Diese Selbstzahlerleistungen betreffen überwiegend andere Methoden bei der Diagnostik, Behandlung und kieferorthopädische Apparaturen. In Hinweisen für ihre Patienten stellen die Kieferorthopäden die kieferorthopädische Versorgung durch die Krankenkassen als nicht mehr zeitgemäß dar. Selbstzahlerleistungen bewerben sie zum Beispiel damit, dass die Therapie schonender und schmerzärmer sei, die Behandlung schneller durchgeführt werden könne und Komplikationen weniger wahrscheinlich seien als bei den Leistungen der Krankenkassen.

Keine Studien über Vor- und Nachteile der Selbstzahlerleistungen

Es gebe aber kaum wissenschaftlich fundierte Studien, mit denen sich Vor- und Nachteile der als Selbstzahlerleistungen angebotenen Therapien belegen ließen. Versicherte können sich derzeit nicht allgemein verständlich und wissenschaftlich gesichert über kieferorthopädische Selbstzahlerleistungen informieren, kritisiert der Rechnungshof.

Die Krankenkassen wiederum wussten meist nicht, welche kieferorthopädische Versorgung mit welchen Selbstzahlerleistungen ihre Versicherten konkret erhalten hatten. Sie erfuhren davon nur in Ausnahmefällen, etwa wenn Versicherte sich über ihren Kieferorthopäden beschwerten.

Bundesrechnungshof: Nutzen kieferorthopädischer Behandlung erforschen

Der Bundesrechnungshof fordert, eine wissenschaftliche Untersuchung der kieferorthopädischen Versorgung der Bevölkerung (Versorgungsforschung) und eine darauf aufbauende Bewertung des Nutzens kieferorthopädischer Behandlungen.
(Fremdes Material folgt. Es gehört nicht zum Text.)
Lemma join_cycle_p2Elem e f :
  p.-abelem A0 -> e \in A0^# -> f \in A0 -> f \notin <[e]> ->
  (<[e]> <*> <[f]>)%G \in 'E_p^2(A0).
Proof.
move=> abelA0 /setD1P[nte Ae] Af e'f.
have ntf : f != 1 by apply: contraNneq e'f => ->; apply: group1.
have [oe of_] := (abelem_order_p abelA0 Ae nte, abelem_order_p abelA0 Af ntf).
have tiEF : <[e]> :&: <[f]> = 1.
  by rewrite setIC prime_TIg ?cycle_subG // -orderE of_.
rewrite pnElemE // !inE join_subG !cycle_subG Ae Af /=.
rewrite (abelemS _ abelA0) ?join_subG ?cycle_subG ?Ae ?Af //= comm_joingE.
  by rewrite TI_cardMg // -!orderE oe of_.
by apply: centC; rewrite (sub_abelian_cent2 (abelem_abelian abelA0)) ?cycle_subG.
Qed.

End ElementaryAbelian.

Section GroupActionFacts.

Variables (aT gT : finGroupType) (A : {group aT}) (G : {group gT}).
Variable to : groupAction A G.
Implicit Types (B : {group aT}) (K : {group gT}).

Lemma acts_bigcup (I : finType) (P : pred I) (F : I -> {set gT}) B :
  B \subset A -> (forall i, P i -> [acts B, on F i | to]) ->
  [acts B, on \bigcup_(i | P i) F i | to].
Proof.
move=> sBA actsF; apply: (big_ind (fun S => [acts B, on S | to])) => // [|S T].
  by apply/subsetP=> b Bb; rewrite !inE (subsetP sBA) // sub0set.
exact: actsU.
Qed.

Lemma acts_der1 B K :
  B \subset A -> K \subset G -> [acts B, on K | to] -> [acts B, on K^`(1) | to].
Proof.
move=> sBA sKG actsK; apply: acts_gen.
  by rewrite -gen_subG (subset_trans (der_sub 1 K) sKG).
apply/subsetP=> b Bb; rewrite !inE (subsetP sBA) //=.
apply/subsetP=> _ /imset2P[x y Kx Ky ->].
rewrite inE gactR ?(subsetP sKG) ?(subsetP sBA) //.
by apply: imset2_f; rewrite (acts_act actsK Bb).
Qed.

Lemma acts_gacent1 B (S : {set gT}) e :
  e \in A -> B \subset 'C[e] -> [acts B, on S | to] ->
  [acts B, on 'C_(S | to)[e] | to].
Proof.
move=> Ae cBe actsS; rewrite -gacent_cycle //.
have nBe : B \subset 'N(<[e]>) by rewrite (subset_trans cBe) // -cent_cycle cent_sub.
by rewrite -(setIidPl nBe) acts_subnorm_subgacent ?cycle_subG.
Qed.

Lemma gact_prod (I : Type) (r : seq I) (P : pred I) (F : I -> gT) a :
  a \in A -> (forall i, P i -> F i \in G) ->
  to (\prod_(i <- r | P i) F i) a = \prod_(i <- r | P i) to (F i) a.
Proof.
move=> Aa; apply: (@big_morph_in _ _ (mem G) (to^~ a)) => [x y||x y|].
- exact: groupM.
- exact: group1.
- exact: gactM.
- exact: gact1.
Qed.

Definition fix_coset (H N : {set gT}) (B : {set aT}) :=
  [set y in H | [forall b in B, y^-1 * to y b \in N]].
Die kieferorthopädische Versorgungslage, Behandlungsnotwendigkeiten und -ziele sowie Qualitätsindikatoren und -kontrollen sollen dabei erfasst und objektiv ausgewertet werden.

Sollten solche Studien die Überlegenheit einzelner Selbstzahlerleistungen gegenüber Kassenleistungen belegen, wäre für diese Leistungen zu prüfen, ob sie nicht zur Versorgung durch die Krankenkassen gehören müssen.

Verständliche Informationen über kieferorthopädische Leistungen

Unzweifelhaft soll ein Anspruch auf medizinisch notwendige kieferorthopädische Leistungen unabhängig vom Einkommen bestehen. Aus Sicht des Bundesrechnungshofes ist es jedoch fragwürdig, an bestehenden Leistungen festzuhalten, ohne deren medizinischen Nutzen zu untersuchen. Den Versicherten müssten qualifizierte und verständliche Informationen über kieferorthopädische Selbstzahlerleistungen zugänglich sein sollten. Hierfür muss auch deren Nutzen wissenschaftlich evaluiert werden.

Bis dahin können sich Eltern mit einem Ratgeber der Stiftung Warentest behelfen: Einen guten und fachlich fundierten Überblick über Fehlstellungen, Behandlungsmethoden, Kassen- und Selbstzahlerleistungen bietet der Ratgeber „Kieferorthopädie“ (2. Auflage, 2015).